▸ **INSTRUCTIONS TO FOLLOW**
An exact copy of the lines from the one containing "Local Open Scope classical_set_scope." through the final line of the records is the only acceptable answer.

▸ **THE RECORDS**
(* In the iAPG setting described in the context, assume $\mu>0$, fix $c\in(0,1)$ and $\varepsilon_0>0$, and suppose $\varepsilon_k=\frac{\varepsilon_0}{k+1}\sqrt{\prod_{j=0}^{k-1}(1-c\alpha_j)}$ for all $k\ge1$. Let $\kappa=\frac{L_g}{\gamma_{\mathrm{dec}}\mu}$, $\psi_0=F(x^{(0)})-F^*+(1-(1-c)\alpha_0)\frac{\gamma_0}{2}\|x^*-z^{(0)}\|^2$, $S=\frac{\sqrt\kappa}{2(1-c)^2\underline L}\sum_{k=0}^\infty\frac{\varepsilon_0^2}{(k+1)^2}$, and $\delta_k=\sqrt{\prod_{j=0}^{k-1}(1-c\alpha_j)}\sqrt{\frac{2(\psi_0+S)}{\mu}}$ (empty product $=1$). For $y\in\mathbb R^n$, $\eta>0$ define $\Phi(x;y,\eta)=\langle\nabla g(y),x-y\rangle+\frac1{2\eta}\|x-y\|^2+h(x)+r(x)$ and $x_*^{(k+1)}=\arg\min_x\Phi(x;y^{(k)},\eta_k)$. Then $$\Phi(x^{(k)};y^{(k)},\eta_k)-\Phi(x_*^{(k+1)};y^{(k)},\eta_k)\le\begin{cases}\frac1{2\underline L}\,\mathrm{dist}\big(0,\partial F(x^{(0)})\big)^2,& k=0,\\[2pt] \frac1{2\underline L}\Big(\varepsilon_{k-1}+\frac{3L_g(\delta_k+\delta_{k-1})}{\gamma_{\mathrm{dec}}\sqrt c}\Big)^2,& k\ge1.\end{cases}$$
   Context: iAPG setting. Let $g,h:\mathbb R^n\to\mathbb R$ and $r:\mathbb R^n\to\mathbb R\cup\{+\infty\}$, where $g$ is convex, $\mu$-strongly convex for some $\mu\ge0$, and differentiable with $L_g$-Lipschitz gradient ($L_g>0$); $h$ is convex and differentiable with $L_h$-Lipschitz gradient; $r$ is proper, closed and convex. Put $H=h+r$, $F=g+H$, and assume $F$ attains its minimum value $F^*$ at some point $x^*$. Fix constants $\gamma_{\mathrm{dec}}\in(0,1)$ and $\underline L>0$ with $\mu\le\underline L\le L_g$. We consider points $x^{(k)},z^{(k)},y^{(k)}\in\mathbb R^n$ and scalars $\eta_k>0,\alpha_k>0,\gamma_k>0,\varepsilon_k\ge0$ ($k\ge0$) such that $x^{(0)}=z^{(0)}\in\mathrm{dom}(H)$, $\gamma_0\ge\mu$, and for every $k\ge0$: (i) $\gamma_{\mathrm{dec}}/L_g<\eta_k\le1/\underline L$; (ii) $\gamma_{k+1}=\alpha_k^2/\eta_k=(1-\alpha_k)\gamma_k+\alpha_k\mu$; (iii) $y^{(k)}=\frac{1}{\alpha_k\gamma_k+\gamma_{k+1}}\big(\alpha_k\gamma_k z^{(k)}+\gamma_{k+1}x^{(k)}\big)$; (iv) $\mathrm{dist}\big(0,\ \nabla g(y^{(k)})+\tfrac1{\eta_k}(x^{(k+1)}-y^{(k)})+\partial H(x^{(k+1)})\big)\le\varepsilon_k$; (v) $g(x^{(k+1)})\le g(y^{(k)})+\langle\nabla g(y^{(k)}),x^{(k+1)}-y^{(k)}\rangle+\frac1{2\eta_k}\|x^{(k+1)}-y^{(k)}\|^2$; (vi) $z^{(k+1)}=x^{(k)}+\frac1{\alpha_k}(x^{(k+1)}-x^{(k)})$. Here $\partial$ denotes the convex subdifferential and $\mathrm{dist}(0,S)=\inf_{s\in S}\|s\|$. *)

From HB Require Import structures.
From mathcomp Require Import all_boot all_order all_algebra.
From mathcomp Require Import all_classical all_reals all_analysis.
Set Implicit Arguments. Unset Strict Implicit. Unset Printing Implicit Defensive.
Import Order.TTheory GRing.Theory Num.Theory.
Local Open Scope classical_set_scope.
Local Open Scope ring_scope.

▸ **ANSWER BOX**
Local Open Scope classical_set_scope.
Local Open Scope ring_scope.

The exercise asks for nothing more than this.